Required action:
Could you return every line of the material that contains the word "natneg"?

The records:
━━━━━━

(* Let $A$ be a band operator on $\ell^2(\mathbb{Z})$ satisfying $\mathcal{C}(A)=\mathcal{C}(A|_{\mathbb{N}})$. Then (a) $A$ is self-contained; (b) $\mathcal{C}(A^* )=\mathcal{C}(A^*|_{\mathbb{N}})$; (c) $\mathcal{C}(A)=\mathcal{C}(A|_{k..})$ for all $k\in\mathbb{Z}$. Moreover, (d) a band operator $B$ on $\ell^2(\mathbb{Z})$ is self-contained if and only if $\mathcal{C}(B)=\mathcal{C}(B|_{\mathbb{N}})\cup\mathcal{C}(B|_{-\mathbb{N}})$.
   Context: $\mathbb{N}=\{1,2,\dots\}$, $k..:=\{n\in\mathbb{Z}:n\ge k\}$, $a..b:=\{n\in\mathbb{Z}:a\le n\le b\}$. A band operator with band-width $w$ on $\ell^2(\mathbb{Z})$ is a bounded operator whose matrix satisfies $A_{ij}=0$ for $|i-j|>w$. For $\mathbb{J}\subseteq\mathbb{Z}$, $A|_{\mathbb{J}}:\ell^2(\mathbb{J})\to\ell^2(\mathbb{Z})$ is the restriction, with matrix $(A_{ij})_{i\in\mathbb{Z},j\in\mathbb{J}}$. For $N\in\mathbb{N}$, an $N$-column submatrix of an operator $B$ (with column index set $\mathbb{J}$) is a matrix $C=(C_{ij})_{i\in1-w..N+w,\,j\in1..N}$ with $C_{ij}=B_{k+i,k+j}$ for some $k$ with $k+1..k+N\subseteq\mathbb{J}$; $\mathcal{C}(B)$ is the set of all such matrices over all $N$. $A$ is self-contained if every $C\in\mathcal{C}(A)$ appears infinitely often in $A$, i.e. for infinitely many $k\in\mathbb{Z}$. *)

From HB Require Import structures.
From mathcomp Require Import all_boot all_order all_algebra.
From mathcomp Require Import complex.
From mathcomp Require Import boolp classical_sets cardinality reals.
Unset Printing Implicit Defensive.
Import Order.TTheory GRing.Theory Num.Theory.
Local Open Scope ring_scope.

(* A bi-infinite matrix on l^2(Z) with complex entries: (i,j) |-> A_{ij}. *)
Definition zmat (R : realType) := int -> int -> R[i].

(* For a band matrix, boundedness of the
   operator on l^2(Z) is equivalent to uniform boundedness of the entries. *)
Definition band_operator {R : realType} (w : nat) (A : zmat R) : Prop :=
  (forall i j : int, (w%:Z < `|i - j|)%R -> A i j = 0) /\
  exists c : R, forall i j : int, `|A i j| <= (c%:C)%C.

Definition adjoint {R : realType} (A : zmat R) : zmat R :=
  fun i j => conjc (A j i).

(* The N-column submatrix of B at offset k, with rows indexed by
   1-w .. N+w (stored as r = 0 .. N+2w-1, i = r + 1 - w) and columns
   1 .. N (stored as c = 0 .. N-1, j = c + 1):
   C_{ij} = B_{k+i, k+j}. *)
Definition subm {R : realType} (w : nat) (B : zmat R) (N : nat) (k : int)
  : 'M[R[i]]_(N + w + w, N) :=
  \matrix_(r < N + w + w, c < N)
     B (k + (r%:Z + 1 - w%:Z)) (k + (c%:Z + 1)).

Definition inC {R : realType} (w : nat) (B : zmat R) (J : set int)
  (N : nat) (M : 'M[R[i]]_(N + w + w, N)) : Prop :=
  (0 < N)%N /\
  exists k : int, (forall j : nat, (1 <= j <= N)%N -> J (k + j%:Z)) /\
                  M = subm w B N k.

Definition Zall : set int := setT.
Definition natpos : set int := [set n : int | (1 <= n)%R].
Definition natneg : set int := [set n : int | (n <= -1)%R].
Definition from (k : int) : set int := [set n : int | (k <= n)%R].

Definition Ceq {R : realType} (w : nat) (B : zmat R) (J1 J2 : set int) : Prop :=
  forall (N : nat) (M : 'M[R[i]]_(N + w + w, N)),
    inC w B J1 N M <-> inC w B J2 N M.

Definition Ceq_union {R : realType} (w : nat) (B : zmat R) : Prop :=
  forall (N : nat) (M : 'M[R[i]]_(N + w + w, N)),
    inC w B Zall N M <-> (inC w B natpos N M \/ inC w B natneg N M).

Definition self_contained {R : realType} (w : nat) (A : zmat R) : Prop :=
  forall (N : nat) (M : 'M[R[i]]_(N + w + w, N)),
    inC w A Zall N M -> infinite_set [set k : int | M = subm w A N k].

From HB Require Import structures.
From mathcomp Require Import all_boot all_order all_algebra.
From mathcomp Require Import complex.
From mathcomp Require Import boolp classical_sets cardinality reals.
From mathcomp Require Import zify.
Import Order.TTheory GRing.Theory Num.Theory.
Local Open Scope ring_scope.
Local Open Scope classical_set_scope.

(* The N-column submatrix at k is the middle of the
   (N + 2L)-column submatrix at k - L; if the latter occurs in A|_N, at some
   q >= 0, the former occurs at q + L >= L.  As L is arbitrary, this gives
   occurrences arbitrarily far to the right.  The N-column submatrix of A^* at p
   is a conjugate-transposed block of the (N + 2w)-column submatrix of A at
   p - w.  For (d), the positions -N .. -1 are exactly those whose columns lie
   in neither N nor -N, so an infinite set of positions must leave them;
   conversely an occurrence in B|_N or B|_{-N} of a widened submatrix gives an
   occurrence of the original one at distance at least L from 0. *)

Lemma finite_int_set_bounded (S : set int) :
  finite_set S -> exists b : nat, forall x, S x -> (`|x| <= b)%N.
Proof.
move=> /finite_fsetP[X ->]; exists (\max_(x <- finmap.enum_fset X) `|x|)%N => x Xx.
exact: (@leq_bigmax_seq _ _ xpredT (fun x : int => `|x|%N) x).
Qed.

Lemma unbounded_int_infinite (S : set int) :
  (forall L : nat, exists2 x, S x & (L <= `|x|)%N) -> infinite_set S.
Proof.
move=> unbS /finite_int_set_bounded[b Sb]; have [x Sx bx] := unbS b.+1.
by have := Sb _ Sx; lia.
Qed.

Lemma infinite_int_outside (a b : int) {S : set int} :
  infinite_set S -> exists2 x, S x & (x < a \/ b < x)%R.
Proof.
move=> infS; apply: contrapT => inS; apply: infS.
apply: (@sub_finite_set _ _ ((fun k : nat => a + k%:Z) @` `I_(absz (b - a + 1)%R))).
  move=> x Sx; have [ax xb] : (a <= x /\ x <= b)%R.
    by split; rewrite leNgt; apply/negP => ?; apply: inS; exists x => //; lia.
  by exists (absz (x - a)); rewrite /= /mkset; lia.
exact: finite_image.
Qed.

Section Submatrices.
Variables (R : realType) (w : nat) (B : zmat R).

Lemma subm_window (N N' d : nat) (k q : int) : (d + N <= N')%N ->
  subm w B N' k = subm w B N' q -> subm w B N (k + d%:Z) = subm w B N (q + d%:Z).
Proof.
move=> dNN' kq; apply/matrixP => r c; rewrite !mxE.
have r' : (r + d < N' + w + w)%N by have := ltn_ord r; lia.
have c' : (c + d < N')%N by have := ltn_ord c; lia.
have := congr1 (fun M => fun_of_matrix M (Ordinal r') (Ordinal c')) kq; rewrite !mxE /=.
by move=> E; apply: etrans (etrans _ E) _; congr B; lia.
Qed.

Lemma subm_adjoint (N : nat) (p q : int) :
  subm w B (N + w + w) (p - w%:Z) = subm w B (N + w + w) q ->
  subm w (adjoint B) N p = subm w (adjoint B) N (q + w%:Z).
Proof.
move=> pq; apply/matrixP => r c; rewrite !mxE /adjoint; congr conjc.
have r' : (c + w + w < N + w + w + w + w)%N by have := ltn_ord c; lia.
have c' : (r < N + w + w)%N by have := ltn_ord r; lia.
have := congr1 (fun M => fun_of_matrix M (Ordinal r') (Ordinal c')) pq; rewrite !mxE /=.
by move=> E; apply: etrans (etrans _ E) _; congr B; lia.
Qed.

Lemma inC_Zall_subm (N : nat) (k : int) :
  (0 < N)%N -> inC w B Zall N (subm w B N k).
Proof. by move=> N_gt0; split => //; exists k. Qed.

Lemma inC_subset (J1 J2 : set int) (N : nat) (M : 'M[R[i]]_(N + w + w, N)) :
  J1 `<=` J2 -> inC w B J1 N M -> inC w B J2 N M.
Proof. by move=> J12 [N_gt0 [k [Jk ->]]]; split => //; exists k; split => // j /Jk/J12. Qed.

Lemma inC_widened (J : set int) (N L : nat) (k : int) :
  inC w B J (N + L + L) (subm w B (N + L + L) (k - L%:Z)) ->
  exists q, [/\ J (q + 1), J (q + (N + L + L)%:Z) &
                subm w B N k = subm w B N (q + L%:Z)].
Proof.
move=> [NL_gt0 [q [Jq kq]]]; exists q; split.
- exact: Jq.
- by apply: Jq; lia.
- by rewrite -(subrK L%:Z k); apply: (@subm_window _ _ L _ _ _ kq); lia.
Qed.

Lemma Ceq_natpos_recurrent (N L : nat) (k : int) :
  Ceq w B Zall natpos -> (0 < N)%N ->
  exists2 q, (L%:Z <= q)%R & subm w B N k = subm w B N q.
Proof.
move=> CeqB N_gt0.
have : inC w B Zall (N + L + L) (subm w B (N + L + L) (k - L%:Z)).
  by apply: inC_Zall_subm; lia.
move=> /CeqB/inC_widened[q [q1 _ kq]].
by exists (q + L%:Z) => //; move: q1; rewrite /natpos /=; lia.
Qed.

Lemma Ceq_natpos_self_contained : Ceq w B Zall natpos -> self_contained w B.
Proof.
move=> CeqB N M [N_gt0 [k [_ ->]]]; apply: unbounded_int_infinite => L.
have [q Lq kq] := Ceq_natpos_recurrent _ L k CeqB N_gt0.
by exists q => //; lia.
Qed.

Lemma Ceq_natpos_from (k : int) : Ceq w B Zall natpos -> Ceq w B Zall (from k).
Proof.
move=> CeqB N M; split; last exact: inC_subset.
move=> [N_gt0 [k0 [_ ->]]]; split => //.
have [q k_le_q k0q] := Ceq_natpos_recurrent _ (absz k) k0 CeqB N_gt0.
by exists q; split => // j j1N; rewrite /from /=; lia.
Qed.

Lemma self_contained_Ceq_union : self_contained w B <-> Ceq_union w B.
Proof.
split=> [scB N M | unionB N M [N_gt0 [k [_ ->]]]].
  split=> [BM | ]; last by case; apply: inC_subset.
  have [N_gt0 _] := BM.
  have [x Mx [x_lt | x_gt]] := infinite_int_outside (- N%:Z) (-1) (scB N M BM).
  - by right; split => //; exists x; split => // j j1N; rewrite /natneg /=; lia.
  - by left; split => //; exists x; split => // j j1N; rewrite /natpos /=; lia.
apply: unbounded_int_infinite => L.
have : inC w B Zall (N + L + L) (subm w B (N + L + L) (k - L%:Z)).
  by apply: inC_Zall_subm; lia.
move=> /unionB[] /inC_widened[q [q1 qN kq]]; exists (q + L%:Z) => //.
- by move: q1; rewrite /natpos /=; lia.
- by move: qN; rewrite /natneg /=; lia.
Qed.

End Submatrices.

Lemma Ceq_natpos_adjoint (R : realType) (w : nat) (B : zmat R) :
  Ceq w B Zall natpos -> Ceq w (adjoint B) Zall natpos.
Proof.
move=> CeqB N M; split; last exact: inC_subset.
move=> [N_gt0 [p [_ ->]]].
have : inC w B Zall (N + w + w) (subm w B (N + w + w) (p - w%:Z)).
  by apply: inC_Zall_subm; lia.
move=> /CeqB[_ [q [Bq pq]]]; split => //; exists (q + w%:Z); split.
- by move=> j j1N; have := Bq 1%N; rewrite /natpos /=; lia.
- exact: subm_adjoint.
Qed.

Theorem lemma4p4 (R : realType) (w : nat) (A : zmat R) :
  band_operator w A ->
  Ceq w A Zall natpos ->
  [/\ self_contained w A,
      Ceq w (adjoint A) Zall natpos,
      (forall k : int, Ceq w A Zall (from k)) &
      (forall (v : nat) (B : zmat R), band_operator v B ->
         (self_contained v B <-> Ceq_union v B))].
Proof.
move=> _ CeqA; split.
- exact: Ceq_natpos_self_contained.
- exact: Ceq_natpos_adjoint.
- by move=> k; apply: Ceq_natpos_from.
- by move=> v B _; apply: self_contained_Ceq_union.
Qed.
Lemma KK_big_inter {S : Alphabet Xi} {xi} {I : Type} {F : I -> free M S xi -> Prop}
  (l : list I) :
  (forall i, KK S (existT _ xi (F i))) ->
  KK S (existT _ xi (fun s => forall i, In i l -> F i s)).
Proof.
  destruct HV as [_ [Hfull [_ [Hinter _]]]]; intro HF.
  induction l as [|i l IH].
  - apply (KK_ext (Hfull S xi)); intro s; split; [intros _ i []|tauto].
  - apply (KK_ext (Hinter _ _ _ _ (HF i) IH)); intro s; simpl; split.
    + intros [Hi Hl] j [<-|Hj]; auto.
    + intro H; split; auto.
Qed.

Lemma KK_preim_upclosed {S : Alphabet Xi} {xi} {B : SPos Xi} (f : free M S xi -> B xi)
  (lb : list (B xi)) (P : B xi -> Prop) :
  (forall b, In b lb) -> (forall a b, le a b -> P a -> P b) ->
  (forall b, KK S (existT _ xi (fun s => le b (f s)))) ->
  KK S (existT _ xi (fun s => P (f s))).
Proof.
  intros Hlb Pup Hup.
  assert (HF : forall b, KK S (existT _ xi (fun s => P b /\ le b (f s)))).
  { intro b; destruct HV as [Hempty _]; destruct (classic (P b)) as [Pb|nPb].
    - apply (KK_ext (Hup b)); tauto.
    - apply (KK_ext (Hempty S xi)); tauto. }
  apply (KK_ext (KK_big_union lb HF)); intro s; split.
  - intros [b [_ [Pb Hb]]]; exact (Pup _ _ Hb Pb).
  - intro Ps; exists (f s); split; [apply Hlb|split; [exact Ps|apply le_refl]].
Qed.

Section SyntacticUpsets.
Context {S : Alphabet Xi} {xi' : Xi} {L : free M S xi' -> Prop}.
Hypothesis HL : KK S (existT _ xi' L).
Context {B : SPos Xi} {q : Hom (free M S) B}.
Hypothesis q_surj : surjectiveH q.
Hypothesis q_synle : forall x s t, le (q x s) (q x t) <-> synle (existT _ xi' L) s t.

(* A context witnessing [~ t0 <=_L t1] yields a derivative of [L] containing the
   upset of [q t0] and missing the whole class [q t1]. *)
Lemma KK_syn_separate {xi} (t0 : free M S xi) (c : B xi) :
  exists G, KK S (existT _ xi G) /\
    (forall t, le (q xi t0) (q xi t) -> G t) /\
    (~ le (q xi t0) c -> forall t, q xi t = c -> ~ G t).
Proof.
  destruct HV as [_ [Hfull [_ [_ [_ Hder]]]]].
  destruct (classic (le (q xi t0) c)) as [Hc|Hc].
  - exists (fun _ => True); split; [apply Hfull|split; [auto|contradiction]].
  - destruct (q_surj xi c) as [t1 <-].
    assert (Hns : ~ synle (existT _ xi' L) t0 t1) by (rewrite <- q_synle; exact Hc).
    apply not_all_ex_not in Hns; destruct Hns as [p Hp].
    apply imply_to_and in Hp; destruct Hp as [Hp0 Hp1].
    exists (fun t => L (plug p t)); split; [exact (Hder _ _ _ _ p HL)|split].
    + intros t Ht; apply q_synle in Ht; exact (Ht p Hp0).
    + intros _ t Ht Hpt; apply Hp1.
      assert (Htt1 : synle (existT _ xi' L) t t1) by (apply q_synle; rewrite Ht; apply le_refl).
      exact (Htt1 p Hpt).
Qed.

Lemma KK_syn_upset {xi} (t0 : free M S xi) (lb : list (B xi)) :
  (forall b, In b lb) -> KK S (existT _ xi (fun t => le (q xi t0) (q xi t))).
Proof.
  intro Hlb.
  set (G := fun c => proj1_sig (constructive_indefinite_description _ (KK_syn_separate t0 c))).
  assert (HG := fun c => proj2_sig (constructive_indefinite_description _ (KK_syn_separate t0 c))).
  fold G in HG.
  apply (KK_ext (KK_big_inter lb (fun c => proj1 (HG c)))); intro t; split.
  - intro HGt; destruct (classic (le (q xi t0) (q xi t))) as [H|H]; [exact H|].
    exfalso; exact (proj2 (proj2 (HG (q xi t))) H t eq_refl (HGt _ (Hlb _))).
  - intros H c _; exact (proj1 (proj2 (HG c)) t H).
Qed.

End SyntacticUpsets.

Definition recognised_in_KK (A : Alg M) : Prop :=
  forall S (K : lang M S), recognises A K -> KK S K.

Definition KK_pv (A : Alg M) : Prop := finitary A /\ recognised_in_KK A.

Lemma syntactic_algebra_KK_pv {S' : Alphabet Xi} {K' : lang M S'} {B : Alg M} :
  KK S' K' -> has_syntactic_algebra K' -> is_syntactic_algebra K' B -> KK_pv B.
Proof.
  destruct K' as [xi' L']; intros HK [Q [q [qs [qiff [Qfin _]]]]] [qB [qBm [qBs qBiff]]].
  assert (finB : sortwise_finite (acar B)).
  { apply (sortwise_finite_factor qs qBs); [|exact Qfin].
    intros x s t Hst; apply le_antisym; apply qBiff, qiff; rewrite Hst; apply le_refl. }
  split; [split; [exact finB|exact (finitely_generated_free_surj qBm qBs)]|].
  intros S [xi K] [phi [phim [P [Pup HP]]]].
  destruct (free_lift_surj (A := free_alg (M := M) S') phim qBm qBs) as [phi' [phi'm Hphi']].
  destruct (finB xi) as [lb Hlb].
  assert (HPq : KK S' (existT _ xi (fun t => P (qB xi t)))).
  { apply (KK_preim_upclosed _ lb P Hlb Pup); intro b.
    destruct (qBs xi b) as [t0 <-]; exact (KK_syn_upset HK qBs qBiff t0 lb Hlb). }
  destruct HV as [_ [_ [_ [_ [Hinv _]]]]].
  apply (KK_ext (Hinv S S' phi' phi'm xi _ HPq)); intro s; simpl.
  rewrite Hphi', HP; reflexivity.
Qed.

Lemma KK_pv_quotient (A B : Alg M) : KK_pv A -> finitary B -> is_quotient B A -> KK_pv B.
Proof.
  intros [_ HA] finB HBA; split; [exact finB|].
  intros S K HK; apply HA, (recognises_quotient HBA HK).
Qed.

Lemma KK_pv_sub_of_finite_product (I : Type) (l : list I) (F : I -> Alg M) (B : Alg M) :
  (forall i, In i l) -> (forall i, KK_pv (F i)) -> finitary B ->
  sub_of_finite_product F B -> KK_pv B.
Proof.
  intros Hl HF finB [h [hm hemb]]; split; [exact finB|].
  intros S [xi K] [phi [phim [P [Pup HP]]]].
  destruct (proj1 finB xi) as [lb Hlb].
  apply (KK_ext (K1 := fun s => P (phi xi s))); [|intro s; symmetry; apply HP].
  apply (KK_preim_upclosed (phi xi) lb P Hlb Pup); intro b.
  assert (Hi : forall i, KK S (existT _ xi (fun s => le (h i xi b) (h i xi (phi xi s))))).
  { intro i; apply (proj2 (HF i)); exists (hcomp phi (h i)); split.
    - apply (is_morph_hcomp _ (act B)); [exact phim|apply hm].
    - exists (fun c => le (h i xi b) c); split; [intros a c H1 H2; exact (le_trans H2 H1)|].
      intro s; reflexivity. }
  apply (KK_ext (KK_big_inter l Hi)); intro s; split.
  - intro H; apply hemb; intro i; apply H, Hl.
  - intros H i _; apply (hmono (h i) H).
Qed.

Lemma KK_pv_sort_accumulation (B : Alg M) :
  finitary B -> sort_accumulation_point KK_pv B -> KK_pv B.
Proof.
  intros finB Hacc; split; [exact finB|].
  intros S K HK.
  destruct (afin S) as [ls Hls].
  destruct (Hacc (projT1 K :: map (@projT1 _ _) ls)) as [A [[_ HA] HBA]].
  apply HA; revert HBA HK; apply recognises_restr_quotient; [left; reflexivity|].
  intros x a; right; apply in_map_iff; exists (existT _ x a); auto.
Qed.

Lemma pseudo_variety_KK_pv : pseudo_variety KK_pv.
Proof.
  split; [intros A [finA _]; exact finA|].
  split; [exact KK_pv_quotient|].
  split; [exact KK_pv_sub_of_finite_product|exact KK_pv_sort_accumulation].
Qed.

End Variety.

Theorem theorem5p9 (Xi : Type) (M : Monad Xi)
  (KK : forall S : Alphabet Xi, lang M S -> Prop) :
  lang_variety KK ->
  (forall (S : Alphabet Xi) (K : lang M S), KK S K -> has_syntactic_algebra K) ->
  forall (S : Alphabet Xi) (K : lang M S),
    KK S K <->
    exists A : Alg M,
      in_generated_pv
        (fun B => exists (S' : Alphabet Xi) (K' : lang M S'), KK S' K' /\ is_syntactic_algebra K' B)
        A /\
      recognises A K.
Proof.
  intros HV Hsyn S K; split.
  - intro HK; destruct (syntactic_algebra_exists (Hsyn S K HK)) as [A HA].
    exists A; split; [|exact (is_syntactic_algebra_recognises HA)].
    intros C _ HC; apply HC; exists S, K; auto.
  - intros [A [HA HK]].
    assert (HApv : KK_pv KK A).
    { apply HA; [exact (pseudo_variety_KK_pv KK HV)|].
      intros B [S' [K' [HK' HB]]]; exact (syntactic_algebra_KK_pv KK HV HK' (Hsyn _ _ HK') HB). }
    exact (proj2 HApv S K HK).
Qed.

━━━━━━

Solution for this task:
Definition natneg : set int := [set n : int | (n <= -1)%R].
    inC w B Zall N M <-> (inC w B natpos N M \/ inC w B natneg N M).
  - by right; split => //; exists x; split => // j j1N; rewrite /natneg /=; lia.
- by move: qN; rewrite /natneg /=; lia.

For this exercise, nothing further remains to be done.